Ride dirty vegas vipers.., p.63
RIDE DIRTY: Vegas Vipers MC,
p.63
I think about calling him, but I don’t. I can’t take that ring, ring, ring to voicemail again.
Instead I switch on over to a sitcom. I watch that for a little while, feeling restless. Markus has really pissed me off. Men like him have always annoyed me. There were a few like that at college, up their own asses and certain that if they acted like men did in romantic comedies they could do anything they wanted to women. It’s like they have this tier system in their head where flowers equal kissing and paying for dinner equals sex, all the way to a holiday giving them carte- blanche access. I spend some time fantasizing about a meeting between Rocco and Markus, how Rocco would just look down at him and Markus would melt like a coward.
When my apartment buzzer sounds, I’m certain it’s Mom. She’s come around to give me a piece of her mind. I ready myself for an argument I have no interest in having. I know Mom. If I ignore the buzzer she’ll just hit it again and again, leaving me no choice but to eventually cave in.
But it’s not Mom’s voice which comes to me through the speakers.
“Miss Ericson,” the man says, his voice gruff. “Sorry to call up like this, but it’s—”

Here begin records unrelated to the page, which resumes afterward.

(* Let $(X,\tau)$ be a topological space, $\mathcal{V}\in T(\tau)$, $\mathcal{B}=\mathcal{B}(\mathcal{V}_\omega)$, and let $\alpha$ be an interior preserving open cover of $X$ with $U_\alpha\in\mathcal{V}$. Then every $A\in\alpha$ belongs to $\mathcal{B}$.
   Context: An open cover $\alpha$ of $X$ is interior preserving if for every $x\in X$ the set $\bigcap\{N\in\alpha:x\in N\}$ is open; then $U_\alpha\subseteq X\times X$ is the relation with $U_\alpha(x)=\bigcap\{N\in\alpha:x\in N\}$ (a transitive relation). $T(\tau)$ is the set of compatible transitive quasi-uniformities on $(X,\tau)$. For a quasi-uniformity $\mathcal{V}$, $\mathcal{V}_\omega$ is the coarsest quasi-uniformity inducing the same quasi-proximity as $\mathcal{V}$. For $N\subseteq X$, $U_N=(N\times N)\cup((X\setminus N)\times X)$, and for a compatible quasi-uniformity $\mathcal{W}$, $\mathcal{B}(\mathcal{W})=\{N\in\tau:U_N\in\mathcal{W}\}$. *)

Definition rel (X : Type) := X -> X -> Prop.

Definition is_topology {X : Type} (tau : (X -> Prop) -> Prop) : Prop :=
  tau (fun _ => True) /\
  tau (fun _ => False) /\
  (forall F : (X -> Prop) -> Prop, (forall G, F G -> tau G) ->
      tau (fun x => exists G, F G /\ G x)) /\
  (forall G H, tau G -> tau H -> tau (fun x => G x /\ H x)) /\
  (forall G H, tau G -> (forall x, G x <-> H x) -> tau H).

Definition is_quasi_uniformity {X : Type} (U : rel X -> Prop) : Prop :=
  U (fun _ _ => True) /\
  (forall R S : rel X, U R -> (forall x y, R x y -> S x y) -> U S) /\
  (forall R S : rel X, U R -> U S -> U (fun x y => R x y /\ S x y)) /\
  (forall R : rel X, U R -> forall x, R x x) /\
  (forall R : rel X, U R -> exists S : rel X, U S /\
      (forall x y z, S x y -> S y z -> R x z)).

Definition compatible {X : Type} (U : rel X -> Prop) (tau : (X -> Prop) -> Prop)
  : Prop :=
  forall G : X -> Prop,
    tau G <-> (forall x, G x -> exists R, U R /\ forall y, R x y -> G y).

Definition transitive_rel {X : Type} (R : rel X) : Prop :=
  forall x y z, R x y -> R y z -> R x z.

Definition is_transitive_qu {X : Type} (U : rel X -> Prop) : Prop :=
  is_quasi_uniformity U /\
  forall R, U R -> exists S, U S /\ transitive_rel S /\ forall x y, S x y -> R x y.

Definition in_T {X : Type} (tau : (X -> Prop) -> Prop) (V : rel X -> Prop) : Prop :=
  is_transitive_qu V /\ compatible V tau.

Definition qprox {X : Type} (U : rel X -> Prop) (A B : X -> Prop) : Prop :=
  forall R, U R -> exists a b, A a /\ B b /\ R a b.

Definition same_qprox {X : Type} (U W : rel X -> Prop) : Prop :=
  forall A B : X -> Prop, qprox U A B <-> qprox W A B.

Definition is_V_omega {X : Type} (V W : rel X -> Prop) : Prop :=
  is_quasi_uniformity W /\ same_qprox V W /\
  forall W' : rel X -> Prop, is_quasi_uniformity W' -> same_qprox V W' ->
    forall R, W R -> W' R.

Definition U_N {X : Type} (N : X -> Prop) : rel X :=
  fun x y => (N x /\ N y) \/ ~ N x.

Definition B_of {X : Type} (tau : (X -> Prop) -> Prop) (W : rel X -> Prop)
  (N : X -> Prop) : Prop := tau N /\ W (U_N N).

Definition interior_preserving_open_cover {X : Type}
  (tau : (X -> Prop) -> Prop) (alpha : (X -> Prop) -> Prop) : Prop :=
  (forall N, alpha N -> tau N) /\
  (forall x, exists N, alpha N /\ N x) /\
  (forall x, tau (fun y => forall N, alpha N -> N x -> N y)).

Definition U_alpha {X : Type} (alpha : (X -> Prop) -> Prop) : rel X :=
  fun x y => forall N, alpha N -> N x -> N y.

(* Openness of A is part of the cover hypothesis; the content is that the
   entourage U_A = (A × A) ∪ ((X \ A) × X) belongs to W = V_omega.  The
   argument only uses that W induces the same quasi-proximity as V:
   - U_alpha maps A into A, so the V-entourage U_alpha witnesses that A is
     V-far from its complement (lemma [invariant_entourage_not_near]);
   - being a proximity statement, "A is far from X \ A" transfers to W;
   - in any quasi-uniformity, A far from X \ A means some entourage R
     never leaves A from inside A, hence R ⊆ U_A and U_A is an entourage
     (lemma [U_N_of_not_near]). *)

From Stdlib Require Import Classical.

Lemma U_alpha_invariant {X : Type} (alpha : (X -> Prop) -> Prop) (A : X -> Prop) :
  alpha A -> forall x y, A x -> U_alpha alpha x y -> A y.
Proof. intros HA x y Ax Hxy. exact (Hxy A HA Ax). Qed.

Lemma invariant_entourage_not_near {X : Type} (U : rel X -> Prop)
  (A : X -> Prop) (R : rel X) :
  U R -> (forall x y, A x -> R x y -> A y) -> ~ qprox U A (fun y => ~ A y).
Proof.
  intros HR Hinv Hnear.
  destruct (Hnear R HR) as [a [b [Aa [nAb Rab]]]].
  exact (nAb (Hinv a b Aa Rab)).
Qed.

(* Conversely, in a quasi-uniformity, if A is far from its complement then
   U_A is an entourage: the entourage separating A from X \ A is below U_A. *)
Lemma U_N_of_not_near {X : Type} (U : rel X -> Prop) (A : X -> Prop) :
  is_quasi_uniformity U -> ~ qprox U A (fun y => ~ A y) -> U (U_N A).
Proof.
  intros [_ [Hup _]] Hfar.
  apply not_all_ex_not in Hfar as [R HR].
  apply imply_to_and in HR as [HRU Hsep].
  apply (Hup R); [exact HRU|].
  intros x y Rxy. unfold U_N.
  destruct (classic (A x)) as [Ax|nAx]; [left; split; [exact Ax|]|right; exact nAx].
  apply NNPP. intro nAy. apply Hsep. exists x, y. auto.
Qed.

Theorem corollary2p3 (X : Type) (tau : (X -> Prop) -> Prop)
  (Htop : is_topology tau)
  (V : rel X -> Prop) (HV : in_T tau V)
  (W : rel X -> Prop) (HW : is_V_omega V W)
  (alpha : (X -> Prop) -> Prop)
  (Halpha : interior_preserving_open_cover tau alpha)
  (HUa : V (U_alpha alpha)) :
  forall A : X -> Prop, alpha A -> B_of tau W A.
Proof.
  intros A HA.
  destruct HW as [HWqu [Hsame _]].
  split.
  - exact (proj1 Halpha A HA).
  - apply U_N_of_not_near; [exact HWqu|].
    intro HnearW. apply (Hsame A (fun y => ~ A y)) in HnearW.
    exact (invariant_entourage_not_near V A _ HUa (U_alpha_invariant alpha A HA)
             HnearW).
Qed.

“Is he okay?” I snap, a sudden premonition hitting me. “Please tell me he’s okay!”
“He’s been stabbed.”
“I’m coming down!”
We take my car, the biker driving as I sit in the back gnawing my fingernails down to stubs. I can’t stop thinking about Cecilia and Shotgun, how history is repeating itself, things have come full circle . . . And soon I’ll feel the stabbing pain that crippled Cecilia for so long. I jump out of the car and rush into the hospital, running past nurses and doctors and patients until coming to a room with bikers huddled around the door. “Where is he?” I demand when Beast steps forward.
Beast nods at the door.
I walk past him and push the door open. Rocco lies on a single bed, hospital sheets pulled up to his waist, looking completely unlike himself in the crisp paper hospital gown. Tubes are hooked up to him and his eyes are hazy as he opens them. He has a drugged-up look to his face, but he seems lucid enough. He smiles when he sees me, and then winces.
“What happened to you?” I whisper, tears in my eyes. I go to the side of the bed and place my hand on his.
“Stabbed,” he replies. “No real damage, apparently. Though I could’ve died from blood loss if I’d been brought in later.”
“You could’ve died . . .” The tears stream freely down my cheeks. If there was any doubt how I felt about this man, seeing him laid up like this crushes it.
“I shouldn’t’ve said that,” he mutters. “Goddamn meds.”
“I can’t believe . . . oh, Rocco.” I lean down and kiss the back of his hand. “Seeing you like this, I can’t even . . . I’m sorry, I’m trying to get everything out and it’s coming out all jumbled and messed up and I can’t—” I stop, taking a deep breath.
Rocco laughs, and then winces again. “You need to stop doing that,” he says.
“What?” I ask.
“Being all flustered and cute and making me laugh. It’s not fair. I’ve got a knife wound in the side of my belly here, in case you didn’t notice. I know that for a snooty rich girl like you that might not be a big deal—”
“I won’t be talked to in that tone by a peasant, Rocco,” I say. We meet eyes. I giggle. He laughs.
I slap him softly on the arm. “Stop laughing, right this second. No more laughter.”
“I’ve missed you,” he says. He pauses, chewing his lip, and then goes on. “But you shouldn’t be here. It was wrong of them to bring you here.”
“I thought you asked for me,” I say.
“I did. But I was half-conscious. I’ve been steering clear for a reason. You need to leave. It’s not that I don’t want you here, Simone. It’s just—”
“I love you!” I cry. “Sorry to interrupt your grand speech, but I love you, Rocco. I have to say it. I can’t keep it inside anymore.”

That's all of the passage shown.